Given records —
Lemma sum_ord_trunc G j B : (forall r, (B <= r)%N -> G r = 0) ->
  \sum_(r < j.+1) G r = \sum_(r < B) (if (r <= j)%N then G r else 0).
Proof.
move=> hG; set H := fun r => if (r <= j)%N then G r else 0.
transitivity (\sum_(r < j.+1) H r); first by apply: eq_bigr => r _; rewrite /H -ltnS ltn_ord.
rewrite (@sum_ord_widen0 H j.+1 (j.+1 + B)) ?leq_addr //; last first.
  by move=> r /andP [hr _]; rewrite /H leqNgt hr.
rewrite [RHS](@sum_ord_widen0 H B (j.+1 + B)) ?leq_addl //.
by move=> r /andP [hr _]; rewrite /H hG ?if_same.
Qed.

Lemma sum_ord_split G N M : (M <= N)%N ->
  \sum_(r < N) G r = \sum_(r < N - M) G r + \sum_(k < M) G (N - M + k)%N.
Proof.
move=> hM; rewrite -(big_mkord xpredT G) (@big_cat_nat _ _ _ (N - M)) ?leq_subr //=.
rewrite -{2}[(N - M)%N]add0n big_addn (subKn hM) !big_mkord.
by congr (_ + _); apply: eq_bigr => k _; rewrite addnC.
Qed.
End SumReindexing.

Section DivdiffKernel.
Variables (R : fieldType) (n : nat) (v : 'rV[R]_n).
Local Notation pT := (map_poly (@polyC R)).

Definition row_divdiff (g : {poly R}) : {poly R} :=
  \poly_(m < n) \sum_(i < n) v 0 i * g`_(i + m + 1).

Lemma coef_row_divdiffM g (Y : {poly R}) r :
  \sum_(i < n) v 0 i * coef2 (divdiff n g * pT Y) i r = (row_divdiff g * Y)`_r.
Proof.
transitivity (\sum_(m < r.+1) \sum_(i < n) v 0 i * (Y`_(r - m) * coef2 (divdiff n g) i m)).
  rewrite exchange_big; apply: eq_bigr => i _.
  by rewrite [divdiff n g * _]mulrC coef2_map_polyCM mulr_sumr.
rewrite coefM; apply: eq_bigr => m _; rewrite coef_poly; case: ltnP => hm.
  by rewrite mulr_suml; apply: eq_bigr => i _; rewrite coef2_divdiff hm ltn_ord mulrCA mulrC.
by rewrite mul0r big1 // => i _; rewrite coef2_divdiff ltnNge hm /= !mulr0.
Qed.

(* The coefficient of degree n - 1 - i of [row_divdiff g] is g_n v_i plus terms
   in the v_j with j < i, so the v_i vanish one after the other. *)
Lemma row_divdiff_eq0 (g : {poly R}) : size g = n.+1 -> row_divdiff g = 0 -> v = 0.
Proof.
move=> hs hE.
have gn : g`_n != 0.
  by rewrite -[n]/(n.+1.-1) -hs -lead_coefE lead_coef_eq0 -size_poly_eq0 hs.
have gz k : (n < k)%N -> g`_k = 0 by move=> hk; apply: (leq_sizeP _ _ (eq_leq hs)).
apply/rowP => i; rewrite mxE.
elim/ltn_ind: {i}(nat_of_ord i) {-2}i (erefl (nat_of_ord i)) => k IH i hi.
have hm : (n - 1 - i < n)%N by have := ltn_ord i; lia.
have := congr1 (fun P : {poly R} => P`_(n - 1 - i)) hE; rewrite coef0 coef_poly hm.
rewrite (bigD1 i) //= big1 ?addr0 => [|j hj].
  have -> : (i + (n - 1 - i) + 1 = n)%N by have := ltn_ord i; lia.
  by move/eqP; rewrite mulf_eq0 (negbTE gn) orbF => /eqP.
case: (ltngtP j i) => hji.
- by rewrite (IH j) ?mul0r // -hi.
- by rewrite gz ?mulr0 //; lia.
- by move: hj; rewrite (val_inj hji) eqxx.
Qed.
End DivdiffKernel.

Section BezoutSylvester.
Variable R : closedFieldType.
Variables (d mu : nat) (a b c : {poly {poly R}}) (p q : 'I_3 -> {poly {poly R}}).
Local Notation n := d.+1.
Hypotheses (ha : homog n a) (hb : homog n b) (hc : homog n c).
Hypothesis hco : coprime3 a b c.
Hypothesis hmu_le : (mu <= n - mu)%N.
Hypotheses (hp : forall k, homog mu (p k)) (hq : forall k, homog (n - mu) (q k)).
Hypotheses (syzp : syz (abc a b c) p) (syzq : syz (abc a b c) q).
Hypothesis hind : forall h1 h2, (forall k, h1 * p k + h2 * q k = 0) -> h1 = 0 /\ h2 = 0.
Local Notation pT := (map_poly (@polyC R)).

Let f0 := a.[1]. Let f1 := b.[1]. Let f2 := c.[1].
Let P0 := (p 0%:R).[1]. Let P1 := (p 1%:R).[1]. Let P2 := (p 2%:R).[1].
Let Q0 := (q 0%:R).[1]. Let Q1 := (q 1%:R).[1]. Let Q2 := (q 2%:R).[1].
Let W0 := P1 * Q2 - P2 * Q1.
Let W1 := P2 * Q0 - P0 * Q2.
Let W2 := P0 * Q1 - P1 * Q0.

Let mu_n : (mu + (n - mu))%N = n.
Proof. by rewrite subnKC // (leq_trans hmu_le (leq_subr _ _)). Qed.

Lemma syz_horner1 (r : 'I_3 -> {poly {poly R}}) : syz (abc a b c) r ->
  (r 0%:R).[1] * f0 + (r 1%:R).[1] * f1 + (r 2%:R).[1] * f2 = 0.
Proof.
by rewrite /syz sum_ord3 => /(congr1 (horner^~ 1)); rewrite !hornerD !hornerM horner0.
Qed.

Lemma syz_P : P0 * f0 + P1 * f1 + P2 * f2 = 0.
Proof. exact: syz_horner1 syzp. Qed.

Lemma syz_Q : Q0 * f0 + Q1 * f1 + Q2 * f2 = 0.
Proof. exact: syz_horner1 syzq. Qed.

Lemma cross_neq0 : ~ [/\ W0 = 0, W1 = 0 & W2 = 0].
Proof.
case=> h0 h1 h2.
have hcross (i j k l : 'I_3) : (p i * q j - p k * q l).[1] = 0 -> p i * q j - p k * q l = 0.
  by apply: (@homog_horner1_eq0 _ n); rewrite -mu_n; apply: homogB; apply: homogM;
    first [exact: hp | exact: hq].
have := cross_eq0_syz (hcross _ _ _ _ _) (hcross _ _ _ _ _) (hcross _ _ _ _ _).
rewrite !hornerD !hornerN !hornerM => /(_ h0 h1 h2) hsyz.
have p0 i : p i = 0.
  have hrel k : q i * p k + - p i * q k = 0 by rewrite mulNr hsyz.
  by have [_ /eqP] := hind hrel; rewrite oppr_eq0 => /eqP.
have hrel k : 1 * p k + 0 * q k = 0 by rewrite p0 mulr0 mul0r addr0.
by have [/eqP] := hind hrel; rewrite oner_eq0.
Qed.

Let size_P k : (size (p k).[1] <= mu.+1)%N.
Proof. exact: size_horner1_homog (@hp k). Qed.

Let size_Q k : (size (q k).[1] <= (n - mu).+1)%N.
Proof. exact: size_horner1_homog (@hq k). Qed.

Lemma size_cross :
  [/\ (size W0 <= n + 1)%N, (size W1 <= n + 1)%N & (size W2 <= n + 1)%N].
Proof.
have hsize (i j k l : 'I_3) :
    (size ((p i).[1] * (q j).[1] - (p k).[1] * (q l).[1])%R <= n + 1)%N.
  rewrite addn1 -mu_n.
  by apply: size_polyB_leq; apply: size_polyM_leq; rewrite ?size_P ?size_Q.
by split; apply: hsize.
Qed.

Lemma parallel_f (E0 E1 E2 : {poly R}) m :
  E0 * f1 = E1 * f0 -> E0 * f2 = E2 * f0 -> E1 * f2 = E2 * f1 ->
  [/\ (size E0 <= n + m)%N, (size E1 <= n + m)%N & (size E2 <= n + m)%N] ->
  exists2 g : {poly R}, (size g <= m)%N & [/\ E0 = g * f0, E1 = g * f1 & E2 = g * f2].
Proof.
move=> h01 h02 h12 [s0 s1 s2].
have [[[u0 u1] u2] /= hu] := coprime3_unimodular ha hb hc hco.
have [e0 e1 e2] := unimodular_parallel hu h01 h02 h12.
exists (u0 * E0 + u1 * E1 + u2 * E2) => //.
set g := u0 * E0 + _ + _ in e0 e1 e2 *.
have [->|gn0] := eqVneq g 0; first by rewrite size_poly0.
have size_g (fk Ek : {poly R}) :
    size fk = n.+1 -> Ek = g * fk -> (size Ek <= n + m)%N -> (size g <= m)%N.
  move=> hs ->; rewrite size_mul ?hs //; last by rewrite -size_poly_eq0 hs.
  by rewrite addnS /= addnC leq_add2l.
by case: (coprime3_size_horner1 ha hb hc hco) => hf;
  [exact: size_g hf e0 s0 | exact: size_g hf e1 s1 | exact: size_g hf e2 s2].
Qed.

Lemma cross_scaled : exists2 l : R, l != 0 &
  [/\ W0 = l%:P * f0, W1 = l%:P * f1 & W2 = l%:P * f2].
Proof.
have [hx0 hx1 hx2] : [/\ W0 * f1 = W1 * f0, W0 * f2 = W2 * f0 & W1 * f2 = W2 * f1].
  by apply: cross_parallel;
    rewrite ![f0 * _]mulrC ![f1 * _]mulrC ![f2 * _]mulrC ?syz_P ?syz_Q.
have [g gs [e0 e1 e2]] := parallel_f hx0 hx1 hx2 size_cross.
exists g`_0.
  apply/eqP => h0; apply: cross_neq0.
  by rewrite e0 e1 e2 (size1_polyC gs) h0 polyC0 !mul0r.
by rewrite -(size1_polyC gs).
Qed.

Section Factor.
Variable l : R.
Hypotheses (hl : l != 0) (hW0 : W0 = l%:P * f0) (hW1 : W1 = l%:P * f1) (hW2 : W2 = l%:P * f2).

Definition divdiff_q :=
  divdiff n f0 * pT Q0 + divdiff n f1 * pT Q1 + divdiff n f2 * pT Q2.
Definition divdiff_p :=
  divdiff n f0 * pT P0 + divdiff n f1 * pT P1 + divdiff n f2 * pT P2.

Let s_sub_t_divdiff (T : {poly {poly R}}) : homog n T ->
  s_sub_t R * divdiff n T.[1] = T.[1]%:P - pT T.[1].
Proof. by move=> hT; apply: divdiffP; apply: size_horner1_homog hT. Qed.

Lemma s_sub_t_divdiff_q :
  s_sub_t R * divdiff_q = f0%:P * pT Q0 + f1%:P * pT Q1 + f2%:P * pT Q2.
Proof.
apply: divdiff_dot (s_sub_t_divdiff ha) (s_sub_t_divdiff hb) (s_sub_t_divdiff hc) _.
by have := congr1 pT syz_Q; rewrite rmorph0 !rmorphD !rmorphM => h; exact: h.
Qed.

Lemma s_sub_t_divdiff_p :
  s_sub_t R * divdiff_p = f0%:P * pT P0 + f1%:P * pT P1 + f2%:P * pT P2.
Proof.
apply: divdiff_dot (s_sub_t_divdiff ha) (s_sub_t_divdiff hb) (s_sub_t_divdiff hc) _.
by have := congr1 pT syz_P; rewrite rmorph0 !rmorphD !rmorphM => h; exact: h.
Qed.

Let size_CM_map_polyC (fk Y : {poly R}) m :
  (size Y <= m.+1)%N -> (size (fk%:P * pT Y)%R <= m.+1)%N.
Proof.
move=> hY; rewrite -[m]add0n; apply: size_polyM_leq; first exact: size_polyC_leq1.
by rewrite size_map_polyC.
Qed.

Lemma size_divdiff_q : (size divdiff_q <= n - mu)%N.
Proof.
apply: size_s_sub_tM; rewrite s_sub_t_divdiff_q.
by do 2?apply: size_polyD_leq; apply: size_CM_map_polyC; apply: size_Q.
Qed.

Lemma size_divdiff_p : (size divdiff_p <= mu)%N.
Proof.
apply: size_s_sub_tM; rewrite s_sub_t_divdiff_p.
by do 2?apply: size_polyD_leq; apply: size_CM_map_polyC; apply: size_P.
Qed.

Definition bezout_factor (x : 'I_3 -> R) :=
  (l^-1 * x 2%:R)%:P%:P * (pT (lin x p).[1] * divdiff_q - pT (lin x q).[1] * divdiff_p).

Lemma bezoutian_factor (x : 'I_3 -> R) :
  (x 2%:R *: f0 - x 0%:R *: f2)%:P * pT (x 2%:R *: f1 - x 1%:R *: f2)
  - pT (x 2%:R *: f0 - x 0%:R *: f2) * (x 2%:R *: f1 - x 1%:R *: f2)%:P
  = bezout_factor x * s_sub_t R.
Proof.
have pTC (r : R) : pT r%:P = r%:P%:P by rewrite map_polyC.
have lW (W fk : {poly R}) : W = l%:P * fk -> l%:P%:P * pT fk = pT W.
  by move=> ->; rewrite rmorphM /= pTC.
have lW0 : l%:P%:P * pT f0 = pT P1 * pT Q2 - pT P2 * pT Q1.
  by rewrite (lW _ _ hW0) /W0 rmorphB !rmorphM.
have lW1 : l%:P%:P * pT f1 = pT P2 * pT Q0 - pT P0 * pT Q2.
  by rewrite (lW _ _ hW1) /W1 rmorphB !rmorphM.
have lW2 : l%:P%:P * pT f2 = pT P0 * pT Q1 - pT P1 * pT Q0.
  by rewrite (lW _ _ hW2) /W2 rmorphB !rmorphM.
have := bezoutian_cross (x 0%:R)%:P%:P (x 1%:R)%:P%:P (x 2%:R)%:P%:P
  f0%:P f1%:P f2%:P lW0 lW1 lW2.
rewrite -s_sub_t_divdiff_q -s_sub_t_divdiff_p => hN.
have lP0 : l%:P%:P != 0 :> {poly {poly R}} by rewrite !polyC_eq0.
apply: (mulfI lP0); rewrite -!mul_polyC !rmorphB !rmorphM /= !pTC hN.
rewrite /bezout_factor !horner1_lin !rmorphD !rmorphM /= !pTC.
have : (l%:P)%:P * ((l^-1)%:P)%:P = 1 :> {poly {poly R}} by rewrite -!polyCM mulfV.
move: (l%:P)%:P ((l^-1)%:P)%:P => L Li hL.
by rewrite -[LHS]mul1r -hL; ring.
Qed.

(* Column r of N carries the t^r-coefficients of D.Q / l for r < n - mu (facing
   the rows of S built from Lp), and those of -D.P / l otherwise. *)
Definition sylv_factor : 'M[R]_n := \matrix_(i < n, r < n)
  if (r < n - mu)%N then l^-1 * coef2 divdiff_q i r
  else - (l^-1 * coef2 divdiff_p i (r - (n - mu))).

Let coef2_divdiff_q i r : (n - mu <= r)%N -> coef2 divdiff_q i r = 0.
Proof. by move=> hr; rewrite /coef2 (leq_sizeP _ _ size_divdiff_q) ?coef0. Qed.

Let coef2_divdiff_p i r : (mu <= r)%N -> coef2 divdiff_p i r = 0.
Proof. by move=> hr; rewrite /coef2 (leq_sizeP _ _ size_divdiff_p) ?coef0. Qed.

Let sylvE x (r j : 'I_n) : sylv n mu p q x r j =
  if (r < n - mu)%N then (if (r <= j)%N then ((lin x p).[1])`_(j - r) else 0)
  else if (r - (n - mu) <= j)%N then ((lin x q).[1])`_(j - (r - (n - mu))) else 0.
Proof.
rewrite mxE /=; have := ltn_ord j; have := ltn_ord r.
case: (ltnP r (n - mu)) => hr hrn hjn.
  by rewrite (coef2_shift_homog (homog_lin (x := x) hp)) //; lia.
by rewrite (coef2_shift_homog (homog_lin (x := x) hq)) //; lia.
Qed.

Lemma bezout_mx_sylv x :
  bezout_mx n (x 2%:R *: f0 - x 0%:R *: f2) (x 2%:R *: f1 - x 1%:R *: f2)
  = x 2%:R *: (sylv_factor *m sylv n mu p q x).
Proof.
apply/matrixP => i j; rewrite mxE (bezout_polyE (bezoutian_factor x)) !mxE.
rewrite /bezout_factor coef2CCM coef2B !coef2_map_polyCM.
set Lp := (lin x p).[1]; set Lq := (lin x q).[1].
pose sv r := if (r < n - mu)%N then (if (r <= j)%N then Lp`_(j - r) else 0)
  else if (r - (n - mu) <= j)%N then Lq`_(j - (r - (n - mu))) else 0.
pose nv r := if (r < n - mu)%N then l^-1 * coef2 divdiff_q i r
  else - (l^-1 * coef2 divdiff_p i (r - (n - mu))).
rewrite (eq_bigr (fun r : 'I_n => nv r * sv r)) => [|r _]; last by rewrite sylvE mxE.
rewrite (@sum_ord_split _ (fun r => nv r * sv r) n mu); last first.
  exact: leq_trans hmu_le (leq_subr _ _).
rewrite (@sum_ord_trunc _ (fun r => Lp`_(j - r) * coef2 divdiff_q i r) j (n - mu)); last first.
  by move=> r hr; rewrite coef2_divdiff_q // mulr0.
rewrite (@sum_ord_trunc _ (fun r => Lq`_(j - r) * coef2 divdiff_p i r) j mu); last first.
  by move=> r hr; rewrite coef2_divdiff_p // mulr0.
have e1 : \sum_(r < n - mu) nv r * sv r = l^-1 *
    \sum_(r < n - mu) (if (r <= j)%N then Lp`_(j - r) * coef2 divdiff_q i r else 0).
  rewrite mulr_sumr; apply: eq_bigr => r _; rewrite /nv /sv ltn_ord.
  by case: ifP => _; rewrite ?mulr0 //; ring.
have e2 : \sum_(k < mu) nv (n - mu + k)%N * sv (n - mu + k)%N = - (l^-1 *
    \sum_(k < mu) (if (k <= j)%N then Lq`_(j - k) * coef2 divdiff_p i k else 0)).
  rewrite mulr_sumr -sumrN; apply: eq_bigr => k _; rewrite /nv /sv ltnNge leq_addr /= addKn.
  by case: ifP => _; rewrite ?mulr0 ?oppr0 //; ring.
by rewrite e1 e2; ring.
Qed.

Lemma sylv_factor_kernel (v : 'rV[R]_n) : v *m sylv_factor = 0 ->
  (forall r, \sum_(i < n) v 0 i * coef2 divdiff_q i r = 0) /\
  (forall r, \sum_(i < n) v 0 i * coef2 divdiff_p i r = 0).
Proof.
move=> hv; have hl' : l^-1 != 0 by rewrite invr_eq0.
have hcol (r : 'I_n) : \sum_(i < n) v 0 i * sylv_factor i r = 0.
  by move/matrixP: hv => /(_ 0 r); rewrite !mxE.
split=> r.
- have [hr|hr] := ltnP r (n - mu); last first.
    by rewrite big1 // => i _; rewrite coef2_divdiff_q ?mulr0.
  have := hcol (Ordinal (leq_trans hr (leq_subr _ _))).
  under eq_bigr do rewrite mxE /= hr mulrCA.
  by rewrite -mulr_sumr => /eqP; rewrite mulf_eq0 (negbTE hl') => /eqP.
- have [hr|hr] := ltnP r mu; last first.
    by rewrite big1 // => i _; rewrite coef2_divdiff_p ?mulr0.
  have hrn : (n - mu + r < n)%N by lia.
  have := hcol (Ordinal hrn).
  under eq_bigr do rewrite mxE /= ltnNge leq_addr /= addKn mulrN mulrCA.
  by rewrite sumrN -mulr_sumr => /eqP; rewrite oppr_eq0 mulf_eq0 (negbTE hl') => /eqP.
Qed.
---
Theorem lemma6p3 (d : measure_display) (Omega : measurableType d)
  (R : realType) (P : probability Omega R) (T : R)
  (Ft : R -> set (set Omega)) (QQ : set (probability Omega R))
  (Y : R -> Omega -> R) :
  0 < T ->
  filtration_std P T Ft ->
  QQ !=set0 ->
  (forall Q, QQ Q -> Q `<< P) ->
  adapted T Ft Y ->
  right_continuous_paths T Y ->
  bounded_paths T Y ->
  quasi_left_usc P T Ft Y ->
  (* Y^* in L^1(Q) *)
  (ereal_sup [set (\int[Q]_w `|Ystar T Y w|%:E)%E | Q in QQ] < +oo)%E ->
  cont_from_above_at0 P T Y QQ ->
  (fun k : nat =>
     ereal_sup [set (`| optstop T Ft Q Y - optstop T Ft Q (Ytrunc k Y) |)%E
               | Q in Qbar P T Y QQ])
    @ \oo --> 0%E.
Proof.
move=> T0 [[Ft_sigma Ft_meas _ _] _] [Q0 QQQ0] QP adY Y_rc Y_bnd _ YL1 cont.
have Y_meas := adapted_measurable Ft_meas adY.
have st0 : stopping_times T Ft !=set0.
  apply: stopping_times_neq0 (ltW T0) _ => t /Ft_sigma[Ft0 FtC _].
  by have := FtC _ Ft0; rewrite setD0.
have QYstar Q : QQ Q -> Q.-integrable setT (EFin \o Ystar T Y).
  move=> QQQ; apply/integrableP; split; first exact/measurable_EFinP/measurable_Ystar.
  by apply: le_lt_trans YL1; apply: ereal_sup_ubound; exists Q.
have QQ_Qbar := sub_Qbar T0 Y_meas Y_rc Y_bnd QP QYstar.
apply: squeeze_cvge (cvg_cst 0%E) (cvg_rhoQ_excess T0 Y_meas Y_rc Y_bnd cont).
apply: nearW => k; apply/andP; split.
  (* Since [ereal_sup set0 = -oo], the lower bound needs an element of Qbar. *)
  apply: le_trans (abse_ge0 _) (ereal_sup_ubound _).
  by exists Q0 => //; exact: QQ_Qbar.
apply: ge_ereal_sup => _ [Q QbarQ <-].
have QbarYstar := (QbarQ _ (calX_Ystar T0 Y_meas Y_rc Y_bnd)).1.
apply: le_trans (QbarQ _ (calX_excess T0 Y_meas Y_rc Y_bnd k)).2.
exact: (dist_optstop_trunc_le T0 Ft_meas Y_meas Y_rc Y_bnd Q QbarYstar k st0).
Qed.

Problem requirements — Extract every line from the records above that contains the word "DivdiffKernel".

Result of this exercise —
Section DivdiffKernel.
End DivdiffKernel.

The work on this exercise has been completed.